El escenario es grande (un campo de fútbol reconvertido), la cita es grande, la escenografía es grande (y una para cada uno), los fans son grandes, José María Íñigo es… el presentador. Un amor, todo le parecía bien. Pero ya que los comentarios del magno acontecimiento anual se suelen encomendar a glorias de TVE en contrato de obra, que algún año le toque a Beatriz Pécker. Nos lo deben. El Festival de Eurovisión es una excursión a algo diferente, aunque todos los años nos parezca lo mismo, aunque Lena haya repetido (precioso lo de esas chicas de mono plateado entre «Metropolis» y coreografía de Busby Berkeley). Es un sarao distinto. ¿Dónde vamos a ver al sueco (tercero) encerrándose como Houdini y luego rompiendo el cristal? Pues en cualquier teatro español. A Raphael, que participó dos veces a Eurovisión, lo he visto yo en el escenario romper un espejo con una silla.

Demasiado blanco todo. Metafóricamente y de verdad. Blancos la lituana Evelina y sus acompañantes. Blancos los de Azerbayán. Era un poco «Always» de Spielberg. Pero es que los acompañantes de nuestra Lucía también iban de blanco.

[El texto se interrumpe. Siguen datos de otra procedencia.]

(* Let $\Gamma$ be a splice diagram satisfying the edge determinant condition, and let $v$ be a node of $\Gamma$ with adjacent vertices $u_1,\dots,u_{\delta_v}$. Then (1) the vectors $\rho(u_1),\dots,\rho(u_{\delta_v})$ are linearly independent in $\mathbb{R}^n$; (2) $\rho(v)$ lies in the relative interior of the convex hull of $\{\rho(u_1),\dots,\rho(u_{\delta_v})\}$.
   Context: A splice diagram is a finite tree $\Gamma$ with at least one vertex of valency $\geq3$ and no vertex of valency $2$; vertices of valency $1$ are leaves, others nodes; $\delta_v$ is the valency of $v$. For each node $v$ and edge $e$ at $v$ a positive integer weight $d_{v,e}$ is given; $d_v=\prod_{e\ni v}d_{v,e}$; $d_{v,u}$ is the weight at $v$ of the edge toward $u$. For distinct vertices $u,v$, $\ell_{u,v}$ is the product of all $d_{w,e}$ with $w$ a node on the geodesic $[u,v]$ and $e$ an edge at $w$ not in $[u,v]$. Edge determinant condition: $d_{u,v}d_{v,u}>\ell_{u,v}$ for every edge $[u,v]$ between nodes. With $n$ leaves, $w_\lambda$ is the standard basis vector of $\mathbb{R}^n$ of leaf $\lambda$, $w_u=\sum_\lambda\ell_{u,\lambda}w_\lambda$ for a node $u$, and $\rho(u)=w_u/|w_u|$ ($1$-norm) for every vertex $u$. *)

From HB Require Import structures.
From mathcomp Require Import all_boot all_order all_algebra.
From mathcomp Require Import boolp reals.
Set Implicit Arguments. Unset Strict Implicit. Unset Printing Implicit Defensive.
Import Order.TTheory GRing.Theory Num.Theory.
Local Open Scope ring_scope.

Section SpliceDiagram.
Variables (V : finType) (e : rel V) (d : V -> V -> nat).

Definition valency (v : V) : nat := #|[set x | e v x]|.
Definition leafb (v : V) : bool := valency v == 1%N.
Definition nodeb (v : V) : bool := (1 < valency v)%N.

Definition is_tree : Prop :=
  [/\ symmetric e, irreflexive e,
      (forall x y, connect e x y) &
      (forall p : seq V, uniq p -> (2 < size p)%N -> ~~ cycle e p)].

Definition splice_diagram : Prop :=
  [/\ is_tree,
      (exists v, 3 <= valency v)%N,
      (forall v, valency v != 2%N) &
      (forall v x, nodeb v -> e v x -> 0 < d v x)%N].

Definition on_geodesic (u v w : V) : Prop :=
  exists p : seq V, [/\ path e u p, last u p = v, uniq (u :: p) & w \in u :: p].

(** l_{u,v}: product of the d_{w,x} over nodes w on [u,v] and edges [w,x]
    at w not on [u,v] (equivalently x not on [u,v]). *)
Definition ell (u v : V) : nat :=
  (\prod_(w | nodeb w && `[< on_geodesic u v w >])
     \prod_(x | e w x && ~~ `[< on_geodesic u v x >]) d w x)%N.

Definition edge_determinant_condition : Prop :=
  forall u v, e u v -> nodeb u -> nodeb v -> (ell u v < d u v * d v u)%N.

Definition leaves : {set V} := [set x | leafb x].

Variable R : realType.

(** R^n with n = number of leaves; coordinate j corresponds to leaf enum_val j *)
Definition wvec (u : V) : 'rV[R]_#|leaves| :=
  \row_(j < #|leaves|)
    (if leafb u then ((u == enum_val j) : nat)%:R else (ell u (enum_val j))%:R).

Definition norm1 n (x : 'rV[R]_n) : R := \sum_(j < n) `|x ord0 j|.

Definition rho (u : V) : 'rV[R]_#|leaves| := (norm1 (wvec u))^-1 *: wvec u.

Definition neighbors (v : V) : seq V := enum [set x | e v x].

End SpliceDiagram.

Section Convex.
Variables (R : realType) (n : nat).

Definition convex_hull (S : seq 'rV[R]_n) (x : 'rV[R]_n) : Prop :=
  exists c : 'I_(size S) -> R,
    [/\ forall i, 0 <= c i, \sum_i c i = 1 & x = \sum_i c i *: S`_i].

Definition affine_hull (A : 'rV[R]_n -> Prop) (x : 'rV[R]_n) : Prop :=
  exists k (c : 'I_k -> R) (p : 'I_k -> 'rV[R]_n),
    [/\ forall i, A (p i), \sum_i c i = 1 & x = \sum_i c i *: p i].

(** relative interior: interior of A within its affine hull
    (balls taken for the sup-norm; all norms on R^n are equivalent) *)
Definition relative_interior (A : 'rV[R]_n -> Prop) (x : 'rV[R]_n) : Prop :=
  A x /\ exists eps : R, 0 < eps /\
    forall y, affine_hull A y -> (forall j, `|y ord0 j - x ord0 j| < eps) -> A y.
End Convex.

From HB Require Import structures.
From mathcomp Require Import all_boot all_order all_algebra.
From mathcomp Require Import boolp reals.
From mathcomp Require Import ring lra zify.
Import Order.TTheory GRing.Theory Num.Theory.
Local Open Scope ring_scope.
Set Implicit Arguments. Unset Strict Implicit. Unset Printing Implicit Defensive.

(* Put s = w_v.  Every leaf lies behind exactly one neighbour u_i of v, so
   s = \sum_i t_i, where t_i is s restricted to the leaves behind u_i: these rows
   are nonnegative with disjoint supports.  Crossing the edge [v, u_i] multiplies
   l_{., lambda} by one of two constants according as lambda is behind u_i or not,
   whence w_{u_i} = beta_i s + gamma_i t_i with beta_i >= 0, and gamma_i > 0 is
   exactly the edge determinant condition.  A combination \sum_i z_i w_{u_i} read at
   a leaf behind u_m equals s_lambda (Z + gamma_m z_m) with Z = \sum_i beta_i z_i.
   So a vanishing combination gives Z (1 + \sum_i beta_i / gamma_i) = 0, hence z = 0;
   and near rho(v) the same identity keeps every barycentric coordinate positive. *)


Definition l1_normalize (R : realType) n (x : 'rV[R]_n) := (norm1 x)^-1 *: x.

Lemma ger0_norm1 (R : realType) n (x : 'rV[R]_n) :
  (forall j, 0 <= x ord0 j) -> norm1 x = \sum_j x ord0 j.
Proof. by move=> x_ge0; apply: eq_bigr => j _; rewrite ger0_norm. Qed.

Lemma ler_coord_norm1 (R : realType) n (x : 'rV[R]_n) j : `|x ord0 j| <= norm1 x.
Proof. by rewrite /norm1 (bigD1 j) //= lerDl sumr_ge0. Qed.

Lemma affine_hull_convex_hull (R : realType) n (S : seq 'rV[R]_n) y :
  affine_hull (convex_hull S) y ->
  exists2 b : 'I_(size S) -> R, \sum_i b i = 1 & y = \sum_i b i *: S`_i.
Proof.
move=> [k [c [p [p_hull c1 ->]]]].
have [f f_coords] := choice p_hull.
exists (fun i => \sum_l c l * f l i).
  rewrite exchange_big -[RHS]c1; apply: eq_bigr => l _.
  by rewrite -mulr_sumr; case: (f_coords l) => _ -> _; rewrite mulr1.
under [RHS]eq_bigr do rewrite scaler_suml.
rewrite exchange_big; apply: eq_bigr => l _.
case: (f_coords l) => _ _ {1}->; rewrite scaler_sumr.
by apply: eq_bigr => i _; rewrite scalerA.
Qed.

Section BranchDecomposition.
Variables (R : realType) (n : nat) (S : seq 'rV[R]_n).
Variables (t : 'I_(size S) -> 'rV[R]_n) (beta gamma : 'I_(size S) -> R).
Variable witness : 'I_(size S) -> 'I_n.
Hypotheses (S_neq0 : (0 < size S)%N)
  (beta_ge0 : forall i, 0 <= beta i) (gamma_gt0 : forall i, 0 < gamma i)
  (t_ge0 : forall i j, 0 <= t i ord0 j)
  (t_witness : forall i, 1 <= t i ord0 (witness i))
  (t_witness_other : forall i m, m != i -> t m ord0 (witness i) = 0).

Let s := \sum_i t i.
Let w i := beta i *: s + gamma i *: t i.
Hypothesis S_nth : forall i : 'I_(size S), S`_i = l1_normalize (w i).

Let gamma_neq0 i : gamma i != 0. Proof. exact: lt0r_neq0. Qed.

Let s_coord j : s ord0 j = \sum_i t i ord0 j.
Proof. by rewrite summxE. Qed.

Let s_ge0 j : 0 <= s ord0 j.
Proof. by rewrite s_coord sumr_ge0. Qed.

Let s_witness i : s ord0 (witness i) = t i ord0 (witness i).
Proof. by rewrite s_coord (bigD1 i) //= big1 ?addr0 // => m /t_witness_other. Qed.

Let w_coord i j : w i ord0 j = beta i * s ord0 j + gamma i * t i ord0 j.
Proof. by rewrite !mxE. Qed.

Let w_ge0 i j : 0 <= w i ord0 j.
Proof. by rewrite w_coord addr_ge0 // mulr_ge0 // ?s_ge0 // ltW. Qed.

Let norm1_w_gt0 i : 0 < norm1 (w i).
Proof.
apply: lt_le_trans (ler_coord_norm1 _ (witness i)).
rewrite ger0_norm ?w_ge0 // w_coord ltr_wpDl ?mulr_ge0 ?mulr_gt0 //.
exact: lt_le_trans (t_witness i).
Qed.

Let norm1_s_gt0 : 0 < norm1 s.
Proof.
pose i := Ordinal S_neq0.
apply: lt_le_trans (ler_coord_norm1 _ (witness i)).
by rewrite ger0_norm ?s_ge0 // s_witness (lt_le_trans _ (t_witness i)).
Qed.

Let norm1_s : norm1 s = \sum_i norm1 (t i).
Proof.
rewrite ger0_norm1 //; under eq_bigr do rewrite s_coord.
by rewrite exchange_big; apply: eq_bigr => i _; rewrite ger0_norm1.
Qed.

Let norm1_w i : norm1 (w i) = beta i * norm1 s + gamma i * norm1 (t i).
Proof.
rewrite !ger0_norm1 // !mulr_sumr -big_split /=.
by apply: eq_bigr => j _; rewrite w_coord.
Qed.

Let comb_at_witness (z : 'I_(size S) -> R) m :
  (\sum_i z i *: w i) ord0 (witness m) =
  s ord0 (witness m) * (\sum_i beta i * z i + gamma m * z m).
Proof.
rewrite summxE; under eq_bigr do rewrite mxE w_coord mulrDr.
rewrite big_split /=.
have -> : \sum_i z i * (gamma i * t i ord0 (witness m)) =
          z m * (gamma m * t m ord0 (witness m)).
  by rewrite (bigD1 m) //= big1 ?addr0 // => i /t_witness_other ->; rewrite !mulr0.
rewrite -s_witness mulrDr mulr_sumr; congr (_ + _); last by ring.
by apply: eq_bigr => i _; ring.
Qed.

La actuación de España con los Sonny Crockett bailando y las palmeras de fondo era Corrupción en Miami con gaita. Enorme la chica con semejante copla, pero ya sabía que iba al matadero (al 23 con 50 puntos). Viendo a las serbias, lo mismo podríamos haber mandado nosotros a la Julieta Serrano de «Mujeres al borde de un ataque de nervios». De todas maneras, un festival donde la canción del yogur griego llega tan alto tiene un gusto dudoso. Un festival donde los hombres van más escotados que las mujeres resulta rarito (y qué cantidad de actuaciones «todotíos»). Salvo por el canalillo de la lituana Evelina, las demás eran de lo más modosito. Ni la espectacular Maja (Eslovenia) con sus botas, guantes y vestido metálico enseñaba chicha. Para eso estaba el danés (por detrás) y los británicos (por delante). Por no hablar de la mucha laca de los irlandeses y el danés con sus pelos parados.

En fin, en momentos como este, me alegro de no ser eurofan. A Azerbayán iba a ir Rita.